The chestnut-mandibled toucan is often found in lowland forests and close to major bodies of water in Central and South America. (Photo: Tony Fernandez, Flickr, CC BY NC 2.0)

In the rainforests of Costa Rica, Living on Earth’s Explorer in Residence Mark Seth Lender encounters a chestnut-mandibled toucan and a scarlet macaw while traveling through the Osa Peninsula.


BASCOMB: Rainforests circle the earth like a green belt around the equator. So, from Borneo we take you now to the other side of the planet to a Rainforest in Costa Rica with Living on Earth’s Explorer in Residence Mark Seth Lender.

Forests of Rain
Parque Nacional Corcovado
Costa Rica
© 2020 Mark Seth Lender
All Rights Reserved

On the Osa Peninsula, before the hotels and the money found out, you could walk the edges longer than your drinking water would hold out and never see a human being. It was just Valerie, me, Alonso in the lead pointing out all we would have missed.

“Gavilan Cangrejero,” crab hawk.

“Snake. He imitates, El Fer de Lance.” I bend down -

!No!” Alonso touches my arm. “He might be the real thing.”

That morning at sunrise we woke to Scarlet Macaws, flying rainbows flight after raucous flight. We followed on the beach but they were gone. Now, so is the sun. Under muddy clouds we reach the Madrigal, hardly a trickle of water between the few yards from rainforest on one side, to the Pacific on the other.

Alonso looks up, looks at the river, clicks his tongue. “Si crescenda el Madrigal…”

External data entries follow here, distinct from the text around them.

(* Assume Case 2 holds and $d=0$. Then $\delta>d$, and with $\mathcal{I}_f=[l_1,\alpha]$ we have $w_l(Q^n)=\gamma_n=\gamma\delta^{n-1}$ for every $n\ge1$ and every $l\in\mathcal{I}_f$. Moreover, if $\delta=T_{s-1}$ then $\mathcal{I}_f=\{l_1\}$ and $w_{l_1}(Q^n)=\gamma_n$ for all $n\ge1$.
   Context: Let $f(z,w)=(p(z),q(z,w))$ be a holomorphic skew product germ at the origin of $\mathbb{C}^2$ with $f(0,0)=(0,0)$, where $p(z)=a_\delta z^\delta+O(z^{\delta+1})$ with $a_\delta\neq0$ and integer $\delta\ge1$, and $q(z,w)=\sum_{i+j\ge1}b_{ij}z^iw^j$ is not identically zero. For $n\ge1$ write $f^n=(p^n,Q^n)$. For a nonzero germ $g=\sum g_{ij}z^iw^j$ and real $l>0$ let $w_l(g)=\min\{i+lj: g_{ij}\neq0\}$. The Newton polygon $N(g)$ is the convex hull of $\bigcup_{g_{ij}\neq0}\{(x,y):x\ge i,\ y\ge j\}$. Let $(n_1,m_1),\dots,(n_s,m_s)$ be the vertices of $N(q)$ with $n_1<\cdots<n_s$, $m_1>\cdots>m_s$; for $1\le k\le s-1$ let $T_k$ be the $y$-intercept of the line through $(n_k,m_k)$ and $(n_{k+1},m_{k+1})$. Case 2 means: $s>1$ and $\delta\le T_{s-1}$; set $(\gamma,d)=(n_s,m_s)$ and $l_1=\frac{n_s-n_{s-1}}{m_{s-1}-m_s}$. Define $\gamma_n=\gamma(\delta^{n-1}+\delta^{n-2}d+\cdots+d^{n-1})$ (with $0^0=1$, so $\gamma_n=\gamma\delta^{n-1}$ when $d=0$) and $\alpha=\gamma/(\delta-d)$. *)

From HB Require Import structures.
From mathcomp Require Import all_boot all_order all_algebra.
From mathcomp Require Import reals.
From mathcomp Require Import complex.
Set Implicit Arguments. Unset Strict Implicit. Unset Printing Implicit Defensive.
Import Order.TTheory GRing.Theory Num.Theory.
Local Open Scope ring_scope.
Local Open Scope complex_scope.
Lemma ksub_kserE f : R f <-> in_kser z f.
Proof.
split=> [|[F fF]]; first exact: ksub_in_kser.
by apply: (ksub_pseq HR _ (ksub_pssubst F)) => j; rewrite fF.
Qed.

End PowerSeriesGenerators.

Theorem mainTheorem15 (k : fieldType) (R : ps k -> Prop) (n : nat)
    (y : 'I_n -> ps k) (c a : nat) :
  fin_birat_subalg R ->
  min_gens R y ->
  conductor_degree R c ->
  HK_last R a ->
  (forall f, R f <-> in_kser (fun i => trunc (maxn a.+1 c) (y i)) f) /\
  (exists (m : nat) (p : 'I_m -> ps k),
      (forall i, is_poly (p i) /\ p i 0%N = 0%R) /\
      (forall f, R f <-> in_kser p f)).
Proof.
move=> [HR _ _] Hmin Hc Ha.
set z := fun i => trunc (maxn a.+1 c) (y i).
have mz i : maxid R (z i).
  by split; [exact: ksub_trunc HR Hmin Hc i | exact: (trunc_coef0 c a Hmin)].
have z_gen f : maxid R f ->
    exists2 r : 'I_n -> ps k, forall i, R (r i) & f = \sum_i r i * z i.
  exact: maxid_truncP HR Hmin Hc Ha f.
have RE := ksub_kserE HR Hc mz z_gen.
split=> //; exists n, z; split=> // i; split; last exact: (trunc_coef0 c a Hmin).
by exists (maxn a.+1 c) => j; rewrite /z /trunc ltnNge => ->.
Qed.
(* Let $X$ be a nonempty compact metric space. Any two complete tree systems of peripheral extensions of $X$ are isomorphic.
   Context: A peripheral extension of $X$ is a compact metric space $\ddot X$ containing a countably infinite discrete open dense subset $P$ (the peripheral points) with $\ddot X\setminus P$ homeomorphic to $X$. Let $T$ be the countable tree in which every vertex has infinite valence, $V_T$ its vertex set, and $N_t$ the set of oriented edges of $T$ with initial vertex $t$. A complete tree system of peripheral extensions of $X$ is a tuple $\Theta=(\{X_t\},\{b_t\})$ where for each $t\in V_T$, $X_t$ is a space homeomorphic to $X$ equipped with a peripheral extension $\ddot X_t$ with peripheral set $P_t$, and $b_t:N_t\to P_t$ is a bijection. An isomorphism $\Theta\to\Theta'=(\{X'_t\},\{b'_t\})$ is a tuple $(\lambda,\{f_t\})$ where $\lambda:T\to T$ is a tree automorphism, each $f_t:\ddot X_t\to\ddot X'_{\lambda(t)}$ is a homeomorphism mapping $X_t$ onto $X'_{\lambda(t)}$, and $b'_{\lambda(t)}(\lambda(e))=f_t(b_t(e))$ for all $t\in V_T$, $e\in N_t$. *)

From HB Require Import structures.
From mathcomp Require Import all_boot all_order all_algebra.
From mathcomp Require Import all_classical all_reals all_analysis.

Set Implicit Arguments.
Unset Strict Implicit.
Unset Printing Implicit Defensive.

Import numFieldNormedType.Exports.
Local Open Scope classical_set_scope.

Definition homeomorphism (A B : topologicalType) (f : A -> B) : Prop :=
  exists g : B -> A, cancel f g /\ cancel g f /\ continuous f /\ continuous g.

(** [g : X -> Y] is a homeomorphism of [X] onto the subspace [S] of [Y]
    (subspace topology written out: open sets of [S] are [V `&` S], [V] open). *)
Definition homeo_onto (X Y : topologicalType) (g : X -> Y) (S : set Y) : Prop :=
  injective g /\ range g = S /\ continuous g /\
  (forall U : set X, open U -> exists V : set Y, open V /\ g @` U = V `&` S).

Definition peripheral_extension (R : realType) (X Y : pseudoMetricType R)
    (P : set Y) (e : X -> Y) : Prop :=
  [/\ hausdorff_space Y /\ compact [set: Y],
      countable P /\ infinite_set P,
      (forall p, P p -> exists U : set Y, open U /\ U `&` P = [set p]),
      open P /\ closure P = [set: Y]
    & homeo_onto e (~` P)].

Fixpoint is_walk (V : Type) (adj : V -> V -> Prop) (x : V) (s : seq V) : Prop :=
  match s with
  | [::] => True
  | y :: s' => adj x y /\ is_walk adj y s'
  end.

Definition reduced_walk (V : Type) (x : V) (s : seq V) : Prop :=
  forall i, (i + 2 <= size s)%N -> nth x (x :: s) i <> nth x (x :: s) (i + 2).

Definition is_tree (V : Type) (adj : V -> V -> Prop) : Prop :=
  [/\ (forall x y, adj x y -> adj y x),
      (forall x, ~ adj x x),
      (forall x y, exists s, is_walk adj x s /\ last x s = y)
    & (forall x s, is_walk adj x s -> (0 < size s)%N -> last x s = x ->
         ~ reduced_walk x s)].

Definition countable_tree_infinite_valence (V : Type) (adj : V -> V -> Prop)
  : Prop :=
  [/\ is_tree adj, inhabited V, countable [set: V]
    & forall t, infinite_set [set s | adj t s]].

(** For each vertex [t], [Xdd t] is the peripheral extension
    with peripheral set [Per t]; the space [X_t] is [Xdd t \ Per t],
    homeomorphic to [X] via [emb t].  The oriented edge [(t, s)] (with
    [adj t s]) is sent to [bmap t s], and [s |-> bmap t s] is a bijection
    from the neighbours of [t] (= oriented edges with initial vertex [t])
    onto [Per t]. *)
Unset Implicit Arguments.
Record tree_system (R : realType) (X : pseudoMetricType R) (V : Type)
    (adj : V -> V -> Prop) := TreeSystem {
  Xdd : V -> pseudoMetricType R;
  Per : forall t, set (Xdd t);
  emb : forall t, X -> Xdd t;
  bmap : forall t, V -> Xdd t;
  ts_periph : forall t : V, peripheral_extension (Per t) (emb t);
  ts_bmap_in : forall t s, adj t s -> Per t (bmap t s);
  ts_bmap_inj : forall t s s', adj t s -> adj t s' ->
                  bmap t s = bmap t s' -> s = s';
  ts_bmap_surj : forall t p, Per t p -> exists2 s, adj t s & bmap t s = p
}.
Set Implicit Arguments.
Arguments tree_system {R} X {V} adj.
Arguments Xdd {R X V adj}.
Arguments Per {R X V adj}.
Arguments emb {R X V adj}.
Arguments bmap {R X V adj}.

Definition ts_isomorphic (R : realType) (X : pseudoMetricType R) (V : Type)
    (adj : V -> V -> Prop) (Th Th' : tree_system X adj) : Prop :=
  exists lam : V -> V,
    bijective lam /\ (forall x y, adj x y <-> adj (lam x) (lam y)) /\
    exists f : forall t, Xdd Th t -> Xdd Th' (lam t),
      forall t,
        [/\ homeomorphism (f t),
            f t @` (~` Per Th t) = ~` Per Th' (lam t)
          & forall s, adj t s -> bmap Th' (lam t) (lam s) = f t (bmap Th t s)].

We cross anyway and continue.

From behind comes a large man with a woven basket. He and Alonso nod. The man looks us over, strides on. “El Pescador,” Alonso says, fisherman. Later we learn what the basket was for: Turtle eggs. Olive Ridley, Hawksbill, Green, all of them nest here. El Pescador has emptied every nest. To him not food but money, he will sell every single one.

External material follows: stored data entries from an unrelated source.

Lemma lower_rates_valid f : is_pmf f -> boundary f -> valid_rates f 0 (p_low f).
Proof.
move=> f_pmf [_ p_low_lt1].
have p_itv z : 0 <= p f z <= 1 := cPr_itv f_pmf.1 _ _.
split; rewrite ?add0r ?subr0 //.
  by apply: p_low_ge => // z _; have /andP[] := p_itv z.
by move=> z z_supp; rewrite p_low_le //; have /andP[] := p_itv z.
Qed.

Lemma upper_rates_valid f : is_pmf f -> boundary f -> valid_rates f (1 - p_up f) 0.
Proof.
move=> f_pmf [p_up_gt0 _].
have p_itv z : 0 <= p f z <= 1 := cPr_itv f_pmf.1 _ _.
split; rewrite ?addr0 ?subKr //.
- by rewrite subr_ge0; apply: p_up_le => // z _; have /andP[] := p_itv z.
- by rewrite ltrBlDr ltrDl.
- by move=> z z_supp; rewrite p_up_ge ?andbT //; have /andP[] := p_itv z.
Qed.

End Probabilities.

Theorem proposition1 (R : realFieldType) (Xt : Type) (Z : finType)
  (P : Xt -> law R Z) :
  admissible P ->
  forall (xt : Xt) (z : Z), in_supp (P xt) z ->
    (L1 (P xt) z <= pstar (P xt) z <= U1 (P xt) z)
    /\ (exists Q : Xt -> law R Z,
          [/\ admissible Q, (forall xt', same_observed (Q xt') (P xt'))
            & pstar (Q xt) z = L1 (P xt) z])
    /\ (exists Q : Xt -> law R Z,
          [/\ admissible Q, (forall xt', same_observed (Q xt') (P xt'))
            & pstar (Q xt) z = U1 (P xt) z]).
Proof.
move=> adm xt z z_supp; have [f_pmf f_excl f_deg f_bd] := adm xt.
split; first exact: pstar_bounds.
split.
  exists (fun x => misreport_law (P x) 0 (p_low (P x))); split.
  - move=> x; have [x_pmf _ _ x_bd] := adm x.
    exact: misreport_admissible x_pmf (lower_rates_valid x_pmf x_bd) x_bd.
  - move=> x; have [x_pmf _ _ x_bd] := adm x.
    exact: misreport_observed x_pmf (lower_rates_valid x_pmf x_bd).
  - rewrite (misreport_pstar f_pmf (lower_rates_valid f_pmf f_bd)) //.
    by rewrite /latent_prob /L1 subr0.
exists (fun x => misreport_law (P x) (1 - p_up (P x)) 0); split.
- move=> x; have [x_pmf _ _ x_bd] := adm x.
  exact: misreport_admissible x_pmf (upper_rates_valid x_pmf x_bd) x_bd.
- move=> x; have [x_pmf _ _ x_bd] := adm x.
  exact: misreport_observed x_pmf (upper_rates_valid x_pmf x_bd).
- rewrite (misreport_pstar f_pmf (upper_rates_valid f_pmf f_bd)) //.
  by rewrite /latent_prob /U1 !subr0 subKr.
Qed.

The Scarlet Macaw is a parrot from Central and South American that’s most often found in pairs or small family groups. (Photo: David Ellis, Flickr, CC BY NC ND 2.0)

The sky goes black; now, in earnest, rain.

We turn around.

The Madrigal has become the physical translation of crescenda. There are standing waves three feet high in only four vertical feet of water. Enough to sweep a giant off his feet into the crashing sea to drown. Except –

El Pescador has tied a thick line across the river between two trees and left it, for us.

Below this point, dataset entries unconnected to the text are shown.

Lemma lieF_xi : L xi = 0.
Proof. by rewrite /lieF F_xi (br0r LA) (brr LA) F0 subrr. Qed.

Lemma eta_lieF s : eta (L s) = 0.
Proof. by rewrite /lieF (eta_add AC) eta_opp eta_br_xi !eta_F (anchor0 LA) subrr. Qed.

Lemma lieF_add : {morph L : s t / s + t}.
Proof.
by move=> s t; rewrite /lieF (F_add AC) !(br_addr LA) (F_add AC) opprD addrACA.
Qed.

Lemma lieF_scale (c : C) s : L (c *: s) = c *: L s.
Proof.
rewrite /lieF (F_scale AC) !(br_leibniz LA) (F_add AC) !(F_scale AC).
by rewrite scalerBr opprD addrACA subrr addr0.
Qed.

Lemma lieF_F s : L (F s) = - F (L s).
Proof.
apply: g_nondeg => z.
rewrite /lieF (F_add AC) F_opp !(F_sq AC) !(br_addr LA) (br_oppr LA) (br_leibniz LA).
rewrite (brr LA) scaler0 add0r ?(g_addl AC, g_oppl, g_scalel AC) eta_br_xi !g_xil.
ring.
Qed.

Definition lieg X Z := rho xi (g X Z) - g (br xi X) Z - g X (br xi Z).

Lemma lieg_sym X Z : lieg X Z = lieg Z X.
Proof. by rewrite /lieg (g_sym AC X Z) (g_sym AC X) (g_sym AC _ Z); ring. Qed.

Lemma lieg_F X Y : lieg X (F Y) = - g X (L Y).
Proof.
have := dE_closed LA (eta_add AC) xi X Y; rewrite !dE_Omega /Omega.
rewrite F_xi g0r g_xil eta_F !(anchor0 LA) (br_anti LA Y xi) g_oppl g0r.
rewrite /lieg /lieF g_addr g_oppr (g_sym AC X (F (br xi Y))) g_Fl => closed.
by apply: subr0_eq; rewrite -closed; ring.
Qed.

Lemma lieg_lieF X Y : lieg X Y = g X (L (F Y)).
Proof.
have liegD Z1 Z2 : lieg X (Z1 + Z2) = lieg X Z1 + lieg X Z2.
  by rewrite /lieg !g_addr (anchorD LA) (br_addr LA) g_addr; ring.
have liegZ (c : C) Z : lieg X (c *: Z) = c * lieg X Z.
  by rewrite /lieg !g_scaler (anchorM LA) (br_leibniz LA) g_addr !g_scaler; ring.
have liegN Z : lieg X (- Z) = - lieg X Z.
  by rewrite -scaleN1r liegZ mulN1r.
have lieg_xi : lieg X xi = 0.
  by rewrite /lieg !g_xi eta_br_xi (brr LA) g0r subr0 subrr.
have Ydec : Y = - F (F Y) + eta Y *: xi by rewrite (F_sq AC) opprD opprK subrK.
by rewrite {1}Ydec liegD liegN liegZ lieg_xi mulr0 addr0 lieg_F opprK.
Qed.

Lemma g_lieF_sym X Y : g (L X) Y = g X (L Y).
Proof.
have LX : L X = F (L (F X)) by rewrite lieF_F F_opp (F_sq AC) eta_lieF scale0r addr0 opprK.
rewrite LX g_Fl (g_sym AC (L (F X))) -lieg_lieF lieg_sym lieg_lieF (F_sq AC).
by rewrite lieF_add (addmorphN lieF_add) lieF_scale lieF_xi scaler0 addr0 g_oppr opprK.
Qed.

Lemma N3_xi : N xi = 0.
Proof. by rewrite /N3 lieF_xi scaler0. Qed.

Lemma eta_N3 s : eta (N s) = 0.
Proof. by rewrite /N3 (eta_scale AC) eta_lieF mulr0. Qed.

Lemma F_N3 s : F (N s) = - N (F s).
Proof. by rewrite /N3 (F_scale AC) lieF_F scalerN opprK. Qed.

Lemma N3_sym X Y : g (N X) Y = g X (N Y).
Proof. by rewrite /N3 (g_scalel AC) g_scaler g_lieF_sym. Qed.

Lemma N3_add : {morph N : s t / s + t}.
Proof. by move=> s t; rewrite /N3 lieF_add scalerDr. Qed.

Lemma N3_scale (c : C) s : N (c *: s) = c *: N s.
Proof. by rewrite /N3 lieF_scale !scalerA mulrC. Qed.

Lemma N3_linear : linear N.
Proof. by move=> a u v; rewrite N3_add N3_scale. Qed.

Lemma N3_FF s : N (F (F s)) = - N s.
Proof.
by rewrite (F_sq AC) N3_add (addmorphN N3_add) N3_scale N3_xi scaler0 addr0.
Qed.

Lemma trace_N3 : trace e eps N = 0.
Proof.
transitivity (trace e eps (fun s => F (N (F s)))).
  by apply: eq_bigr => i _; rewrite F_N3 N3_FF opprK.
apply: (trace_anticomm VB F_linear) => [a u v|s]; first by rewrite F_linear N3_linear.
exact: F_N3.
Qed.

Lemma trace_N3F : trace e eps (fun s => N (F s)) = 0.
Proof. by apply: (trace_anticomm VB N3_linear F_linear) => s; rewrite F_N3 opprK. Qed.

Valerie cannot touch bottom, the current is too strong. Her arms close around my chest and I pull us hand over hand. It takes all I have...

Next morning the sun rises hot and bright as if it forgot. Look, Valerie says. Among tiny purple orchids in the notch of the tree is a Chestnut-mandibled Toucan. High in the canopy, howler monkeys call like Buddhist monks chanting deep in the throat and are answered, by distant thunder.


BASCOMB: That’s Living on Earth’s Explorer in Residence, Mark Seth Lender.